→ **EXERCISE DIRECTIONS**
Return the data below exactly, but only from the line containing "cumulative loss of" through the line containing "Lemma ord_sel_min d", with both of those lines included.
########
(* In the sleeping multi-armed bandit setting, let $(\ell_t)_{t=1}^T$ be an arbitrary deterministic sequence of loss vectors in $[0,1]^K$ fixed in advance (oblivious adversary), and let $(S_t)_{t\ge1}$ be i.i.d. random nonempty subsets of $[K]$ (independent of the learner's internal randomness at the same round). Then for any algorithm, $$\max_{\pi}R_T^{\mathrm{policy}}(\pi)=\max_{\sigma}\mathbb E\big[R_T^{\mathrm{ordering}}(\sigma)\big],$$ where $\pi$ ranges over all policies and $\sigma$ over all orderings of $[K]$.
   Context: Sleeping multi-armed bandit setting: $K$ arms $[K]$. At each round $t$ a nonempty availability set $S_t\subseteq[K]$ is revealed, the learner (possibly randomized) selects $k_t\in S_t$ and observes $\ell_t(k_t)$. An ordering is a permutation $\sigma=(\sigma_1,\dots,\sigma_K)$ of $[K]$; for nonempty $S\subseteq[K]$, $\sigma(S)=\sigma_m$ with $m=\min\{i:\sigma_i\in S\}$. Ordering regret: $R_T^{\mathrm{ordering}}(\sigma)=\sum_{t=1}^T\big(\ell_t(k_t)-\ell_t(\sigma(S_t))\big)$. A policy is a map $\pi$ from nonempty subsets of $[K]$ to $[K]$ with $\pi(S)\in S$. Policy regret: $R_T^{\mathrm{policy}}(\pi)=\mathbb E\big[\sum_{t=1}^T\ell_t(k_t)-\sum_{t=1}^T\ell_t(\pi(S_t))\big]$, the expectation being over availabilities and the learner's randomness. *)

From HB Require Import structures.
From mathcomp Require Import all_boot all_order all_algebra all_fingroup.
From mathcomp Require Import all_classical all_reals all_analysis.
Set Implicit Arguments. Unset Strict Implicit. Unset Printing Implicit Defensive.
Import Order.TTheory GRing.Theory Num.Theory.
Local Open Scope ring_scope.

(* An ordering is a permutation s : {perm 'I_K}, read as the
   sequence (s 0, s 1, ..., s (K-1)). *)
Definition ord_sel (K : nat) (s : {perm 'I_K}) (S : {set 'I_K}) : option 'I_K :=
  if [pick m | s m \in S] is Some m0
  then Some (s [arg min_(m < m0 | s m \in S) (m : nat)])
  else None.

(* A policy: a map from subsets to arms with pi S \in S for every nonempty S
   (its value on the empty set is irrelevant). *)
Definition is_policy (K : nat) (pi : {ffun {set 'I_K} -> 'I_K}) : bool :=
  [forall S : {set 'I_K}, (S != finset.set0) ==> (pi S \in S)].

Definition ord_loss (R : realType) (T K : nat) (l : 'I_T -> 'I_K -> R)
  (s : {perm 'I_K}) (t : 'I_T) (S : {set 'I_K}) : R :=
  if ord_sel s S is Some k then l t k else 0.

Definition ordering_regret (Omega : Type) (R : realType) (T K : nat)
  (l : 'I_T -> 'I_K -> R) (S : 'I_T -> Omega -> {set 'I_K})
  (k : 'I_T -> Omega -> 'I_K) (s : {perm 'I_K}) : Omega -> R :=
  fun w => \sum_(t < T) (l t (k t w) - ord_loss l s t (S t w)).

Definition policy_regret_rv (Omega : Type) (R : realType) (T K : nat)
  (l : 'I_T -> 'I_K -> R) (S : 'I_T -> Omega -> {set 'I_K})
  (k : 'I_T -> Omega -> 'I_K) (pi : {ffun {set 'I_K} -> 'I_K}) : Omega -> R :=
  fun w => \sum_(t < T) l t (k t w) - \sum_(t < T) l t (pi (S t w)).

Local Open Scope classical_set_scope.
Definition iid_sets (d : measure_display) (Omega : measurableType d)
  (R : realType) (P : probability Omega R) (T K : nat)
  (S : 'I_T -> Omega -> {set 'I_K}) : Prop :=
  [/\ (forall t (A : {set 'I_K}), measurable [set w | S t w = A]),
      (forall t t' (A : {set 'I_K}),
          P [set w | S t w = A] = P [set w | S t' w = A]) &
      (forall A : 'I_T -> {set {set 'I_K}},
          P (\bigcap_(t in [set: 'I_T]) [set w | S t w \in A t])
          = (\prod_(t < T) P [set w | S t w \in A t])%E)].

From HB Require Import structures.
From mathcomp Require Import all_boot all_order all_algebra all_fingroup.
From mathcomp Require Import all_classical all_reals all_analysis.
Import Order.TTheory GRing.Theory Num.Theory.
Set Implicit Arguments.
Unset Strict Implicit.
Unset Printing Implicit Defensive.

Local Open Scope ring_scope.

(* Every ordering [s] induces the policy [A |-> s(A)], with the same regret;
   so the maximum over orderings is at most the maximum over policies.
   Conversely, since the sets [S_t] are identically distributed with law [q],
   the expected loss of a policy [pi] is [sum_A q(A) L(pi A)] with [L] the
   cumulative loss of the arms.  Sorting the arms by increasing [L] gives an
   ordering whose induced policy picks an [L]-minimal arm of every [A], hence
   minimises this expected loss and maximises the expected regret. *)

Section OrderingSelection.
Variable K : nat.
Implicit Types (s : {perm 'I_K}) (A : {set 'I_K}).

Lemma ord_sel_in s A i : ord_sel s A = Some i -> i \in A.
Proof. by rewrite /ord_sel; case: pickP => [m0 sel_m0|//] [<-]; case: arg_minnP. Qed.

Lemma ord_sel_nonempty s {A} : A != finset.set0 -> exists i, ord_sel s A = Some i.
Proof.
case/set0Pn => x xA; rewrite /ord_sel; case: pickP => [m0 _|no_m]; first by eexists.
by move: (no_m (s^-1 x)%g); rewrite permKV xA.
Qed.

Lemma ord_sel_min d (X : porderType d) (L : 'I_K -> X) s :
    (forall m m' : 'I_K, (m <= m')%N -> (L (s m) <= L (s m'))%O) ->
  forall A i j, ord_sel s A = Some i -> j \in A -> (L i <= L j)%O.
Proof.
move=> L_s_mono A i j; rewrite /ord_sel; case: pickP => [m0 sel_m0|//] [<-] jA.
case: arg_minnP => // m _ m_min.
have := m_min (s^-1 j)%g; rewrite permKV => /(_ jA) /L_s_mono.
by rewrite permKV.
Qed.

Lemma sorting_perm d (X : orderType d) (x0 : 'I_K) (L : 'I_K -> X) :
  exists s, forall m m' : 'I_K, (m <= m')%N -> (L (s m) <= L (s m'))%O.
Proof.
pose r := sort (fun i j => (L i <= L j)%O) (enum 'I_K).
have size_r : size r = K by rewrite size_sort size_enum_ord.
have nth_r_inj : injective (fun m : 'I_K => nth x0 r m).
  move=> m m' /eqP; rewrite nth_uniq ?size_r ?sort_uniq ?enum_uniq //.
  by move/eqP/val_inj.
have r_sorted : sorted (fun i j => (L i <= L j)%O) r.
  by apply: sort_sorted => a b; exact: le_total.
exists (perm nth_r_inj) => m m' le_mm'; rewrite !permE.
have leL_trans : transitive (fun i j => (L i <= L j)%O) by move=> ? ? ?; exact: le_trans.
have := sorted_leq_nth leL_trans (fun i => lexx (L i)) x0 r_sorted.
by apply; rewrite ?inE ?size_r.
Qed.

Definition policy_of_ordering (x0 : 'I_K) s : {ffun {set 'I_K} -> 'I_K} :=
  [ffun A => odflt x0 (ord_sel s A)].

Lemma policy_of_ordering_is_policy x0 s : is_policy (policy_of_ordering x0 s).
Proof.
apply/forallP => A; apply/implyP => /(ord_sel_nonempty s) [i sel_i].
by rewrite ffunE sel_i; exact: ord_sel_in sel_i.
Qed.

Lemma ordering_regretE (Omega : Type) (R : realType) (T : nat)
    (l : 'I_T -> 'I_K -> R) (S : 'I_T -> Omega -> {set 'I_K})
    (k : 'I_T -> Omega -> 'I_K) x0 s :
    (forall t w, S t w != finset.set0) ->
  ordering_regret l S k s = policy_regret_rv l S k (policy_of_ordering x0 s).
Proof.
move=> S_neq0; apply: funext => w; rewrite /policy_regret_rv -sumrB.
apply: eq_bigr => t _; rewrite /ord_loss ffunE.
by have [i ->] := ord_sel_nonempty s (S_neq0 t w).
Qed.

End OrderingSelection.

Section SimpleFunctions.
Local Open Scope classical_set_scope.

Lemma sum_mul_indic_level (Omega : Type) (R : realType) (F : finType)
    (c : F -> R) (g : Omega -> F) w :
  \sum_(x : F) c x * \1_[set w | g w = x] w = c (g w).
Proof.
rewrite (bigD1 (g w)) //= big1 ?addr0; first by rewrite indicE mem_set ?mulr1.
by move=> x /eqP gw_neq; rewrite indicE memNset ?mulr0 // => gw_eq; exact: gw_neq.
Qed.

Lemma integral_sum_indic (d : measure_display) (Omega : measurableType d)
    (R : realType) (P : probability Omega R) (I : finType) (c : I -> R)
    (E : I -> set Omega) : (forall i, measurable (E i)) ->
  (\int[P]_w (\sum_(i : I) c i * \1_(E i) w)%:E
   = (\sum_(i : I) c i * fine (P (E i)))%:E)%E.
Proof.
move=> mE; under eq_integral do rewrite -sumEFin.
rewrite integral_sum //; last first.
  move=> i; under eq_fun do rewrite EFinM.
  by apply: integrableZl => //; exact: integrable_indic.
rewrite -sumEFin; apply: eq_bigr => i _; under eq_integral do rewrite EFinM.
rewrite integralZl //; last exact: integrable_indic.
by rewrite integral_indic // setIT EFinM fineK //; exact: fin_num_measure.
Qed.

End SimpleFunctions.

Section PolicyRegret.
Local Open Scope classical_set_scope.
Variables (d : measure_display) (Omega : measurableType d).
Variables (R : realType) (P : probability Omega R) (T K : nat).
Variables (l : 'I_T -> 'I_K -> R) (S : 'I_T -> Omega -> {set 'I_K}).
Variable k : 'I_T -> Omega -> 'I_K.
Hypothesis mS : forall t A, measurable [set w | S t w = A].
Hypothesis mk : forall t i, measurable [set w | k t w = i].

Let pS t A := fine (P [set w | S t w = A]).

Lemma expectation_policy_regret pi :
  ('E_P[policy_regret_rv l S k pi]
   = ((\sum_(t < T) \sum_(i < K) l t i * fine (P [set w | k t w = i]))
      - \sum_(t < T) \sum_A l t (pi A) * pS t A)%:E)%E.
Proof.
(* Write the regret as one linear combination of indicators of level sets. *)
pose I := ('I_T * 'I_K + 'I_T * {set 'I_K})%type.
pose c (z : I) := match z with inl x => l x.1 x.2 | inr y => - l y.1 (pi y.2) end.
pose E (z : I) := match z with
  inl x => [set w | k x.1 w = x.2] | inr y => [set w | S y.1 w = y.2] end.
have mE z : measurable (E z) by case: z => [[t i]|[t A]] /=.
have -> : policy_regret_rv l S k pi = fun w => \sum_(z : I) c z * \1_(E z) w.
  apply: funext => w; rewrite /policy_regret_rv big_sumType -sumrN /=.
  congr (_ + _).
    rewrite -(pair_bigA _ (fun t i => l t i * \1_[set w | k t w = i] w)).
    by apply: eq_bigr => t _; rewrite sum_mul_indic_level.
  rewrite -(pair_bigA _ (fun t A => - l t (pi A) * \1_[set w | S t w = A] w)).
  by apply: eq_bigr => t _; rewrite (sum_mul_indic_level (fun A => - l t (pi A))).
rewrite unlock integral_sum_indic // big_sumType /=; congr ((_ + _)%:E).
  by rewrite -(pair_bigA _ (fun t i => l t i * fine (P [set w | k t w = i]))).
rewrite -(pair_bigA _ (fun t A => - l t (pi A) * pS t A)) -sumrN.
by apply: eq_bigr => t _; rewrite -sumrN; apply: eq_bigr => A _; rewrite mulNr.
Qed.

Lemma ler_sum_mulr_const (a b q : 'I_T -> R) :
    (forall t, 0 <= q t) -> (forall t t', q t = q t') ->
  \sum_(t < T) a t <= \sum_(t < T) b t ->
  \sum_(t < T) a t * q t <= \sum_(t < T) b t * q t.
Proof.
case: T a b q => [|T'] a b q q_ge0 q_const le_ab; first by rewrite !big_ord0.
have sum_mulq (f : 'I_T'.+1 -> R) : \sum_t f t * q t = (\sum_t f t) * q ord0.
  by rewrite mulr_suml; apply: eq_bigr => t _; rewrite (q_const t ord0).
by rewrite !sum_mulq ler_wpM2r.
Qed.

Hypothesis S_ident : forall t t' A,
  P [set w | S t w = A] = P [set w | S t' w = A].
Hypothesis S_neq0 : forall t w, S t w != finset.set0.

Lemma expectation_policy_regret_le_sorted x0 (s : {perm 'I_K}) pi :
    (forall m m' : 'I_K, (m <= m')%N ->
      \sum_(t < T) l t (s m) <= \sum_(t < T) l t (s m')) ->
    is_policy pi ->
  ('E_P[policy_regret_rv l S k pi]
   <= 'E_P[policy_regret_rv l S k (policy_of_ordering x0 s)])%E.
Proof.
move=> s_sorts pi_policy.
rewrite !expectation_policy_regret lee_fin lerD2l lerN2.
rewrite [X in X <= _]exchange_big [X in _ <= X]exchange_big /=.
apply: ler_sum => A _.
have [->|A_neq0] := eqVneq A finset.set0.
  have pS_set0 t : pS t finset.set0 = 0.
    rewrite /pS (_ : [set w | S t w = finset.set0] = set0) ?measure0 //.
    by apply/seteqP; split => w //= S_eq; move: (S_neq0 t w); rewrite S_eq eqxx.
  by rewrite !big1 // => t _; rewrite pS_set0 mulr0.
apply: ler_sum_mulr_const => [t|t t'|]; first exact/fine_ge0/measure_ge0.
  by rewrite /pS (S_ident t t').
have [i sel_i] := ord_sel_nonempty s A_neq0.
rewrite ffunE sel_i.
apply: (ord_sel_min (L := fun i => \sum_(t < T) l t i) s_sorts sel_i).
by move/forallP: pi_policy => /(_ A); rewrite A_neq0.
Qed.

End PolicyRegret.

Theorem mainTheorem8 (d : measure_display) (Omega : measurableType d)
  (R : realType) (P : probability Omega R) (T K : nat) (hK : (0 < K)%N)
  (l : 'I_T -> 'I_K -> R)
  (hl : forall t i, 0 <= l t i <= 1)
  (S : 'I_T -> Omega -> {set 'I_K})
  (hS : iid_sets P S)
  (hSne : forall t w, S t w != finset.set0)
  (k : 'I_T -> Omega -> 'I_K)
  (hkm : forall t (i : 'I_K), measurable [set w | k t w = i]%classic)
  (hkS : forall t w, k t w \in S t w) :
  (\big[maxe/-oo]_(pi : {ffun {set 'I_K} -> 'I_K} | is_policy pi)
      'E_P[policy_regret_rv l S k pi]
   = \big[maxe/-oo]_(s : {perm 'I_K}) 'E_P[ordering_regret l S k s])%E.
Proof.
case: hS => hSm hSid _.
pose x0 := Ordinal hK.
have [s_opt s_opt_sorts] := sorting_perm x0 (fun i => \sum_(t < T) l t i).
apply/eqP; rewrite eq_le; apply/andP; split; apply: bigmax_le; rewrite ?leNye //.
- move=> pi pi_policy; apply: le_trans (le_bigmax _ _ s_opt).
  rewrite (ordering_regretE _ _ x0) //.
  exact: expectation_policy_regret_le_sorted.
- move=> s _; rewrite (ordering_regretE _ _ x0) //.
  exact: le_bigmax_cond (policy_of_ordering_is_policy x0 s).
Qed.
########
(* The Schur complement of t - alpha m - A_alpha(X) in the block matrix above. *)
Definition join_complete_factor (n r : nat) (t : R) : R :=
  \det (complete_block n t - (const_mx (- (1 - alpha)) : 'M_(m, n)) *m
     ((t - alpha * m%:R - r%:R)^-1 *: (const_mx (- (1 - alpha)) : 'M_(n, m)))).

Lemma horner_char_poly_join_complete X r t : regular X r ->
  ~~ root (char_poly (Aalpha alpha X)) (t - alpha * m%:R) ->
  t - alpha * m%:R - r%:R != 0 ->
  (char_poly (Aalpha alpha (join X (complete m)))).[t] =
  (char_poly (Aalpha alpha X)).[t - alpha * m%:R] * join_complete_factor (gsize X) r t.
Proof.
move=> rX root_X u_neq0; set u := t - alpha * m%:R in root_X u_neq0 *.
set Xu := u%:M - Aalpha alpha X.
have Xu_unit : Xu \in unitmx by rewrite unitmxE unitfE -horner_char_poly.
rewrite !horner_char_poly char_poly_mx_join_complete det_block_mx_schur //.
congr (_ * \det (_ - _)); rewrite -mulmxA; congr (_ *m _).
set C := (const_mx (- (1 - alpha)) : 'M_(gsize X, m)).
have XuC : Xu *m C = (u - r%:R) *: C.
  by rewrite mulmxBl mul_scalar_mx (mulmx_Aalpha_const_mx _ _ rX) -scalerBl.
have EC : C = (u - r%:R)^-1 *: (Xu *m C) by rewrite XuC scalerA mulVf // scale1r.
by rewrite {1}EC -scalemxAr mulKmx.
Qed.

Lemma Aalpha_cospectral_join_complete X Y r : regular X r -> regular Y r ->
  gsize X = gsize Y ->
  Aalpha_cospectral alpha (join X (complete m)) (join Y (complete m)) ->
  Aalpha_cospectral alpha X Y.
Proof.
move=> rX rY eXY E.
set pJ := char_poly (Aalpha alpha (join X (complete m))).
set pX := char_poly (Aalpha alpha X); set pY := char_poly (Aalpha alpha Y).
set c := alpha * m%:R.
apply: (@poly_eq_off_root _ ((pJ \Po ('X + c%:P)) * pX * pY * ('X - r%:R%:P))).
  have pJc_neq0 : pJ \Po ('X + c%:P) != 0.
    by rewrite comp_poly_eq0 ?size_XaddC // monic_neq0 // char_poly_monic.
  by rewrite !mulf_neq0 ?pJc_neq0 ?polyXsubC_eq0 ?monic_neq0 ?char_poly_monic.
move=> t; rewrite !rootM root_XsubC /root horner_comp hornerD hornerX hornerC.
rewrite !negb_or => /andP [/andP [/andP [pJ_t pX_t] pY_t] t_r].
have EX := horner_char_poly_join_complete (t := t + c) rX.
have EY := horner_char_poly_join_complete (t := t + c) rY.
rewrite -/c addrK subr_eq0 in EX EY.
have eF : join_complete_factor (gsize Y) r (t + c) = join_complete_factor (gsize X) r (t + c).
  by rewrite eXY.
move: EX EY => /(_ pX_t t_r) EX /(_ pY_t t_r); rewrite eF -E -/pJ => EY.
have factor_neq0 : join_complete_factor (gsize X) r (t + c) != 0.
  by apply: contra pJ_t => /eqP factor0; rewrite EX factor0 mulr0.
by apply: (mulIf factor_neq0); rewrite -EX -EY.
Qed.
########
→ **RESULT**
   cumulative loss of the arms.  Sorting the arms by increasing [L] gives an
   ordering whose induced policy picks an [L]-minimal arm of every [A], hence
   minimises this expected loss and maximises the expected regret. *)

Section OrderingSelection.
Variable K : nat.
Implicit Types (s : {perm 'I_K}) (A : {set 'I_K}).

Lemma ord_sel_in s A i : ord_sel s A = Some i -> i \in A.
Proof. by rewrite /ord_sel; case: pickP => [m0 sel_m0|//] [<-]; case: arg_minnP. Qed.

Lemma ord_sel_nonempty s {A} : A != finset.set0 -> exists i, ord_sel s A = Some i.
Proof.
case/set0Pn => x xA; rewrite /ord_sel; case: pickP => [m0 _|no_m]; first by eexists.
by move: (no_m (s^-1 x)%g); rewrite permKV xA.
Qed.

Lemma ord_sel_min d (X : porderType d) (L : 'I_K -> X) s :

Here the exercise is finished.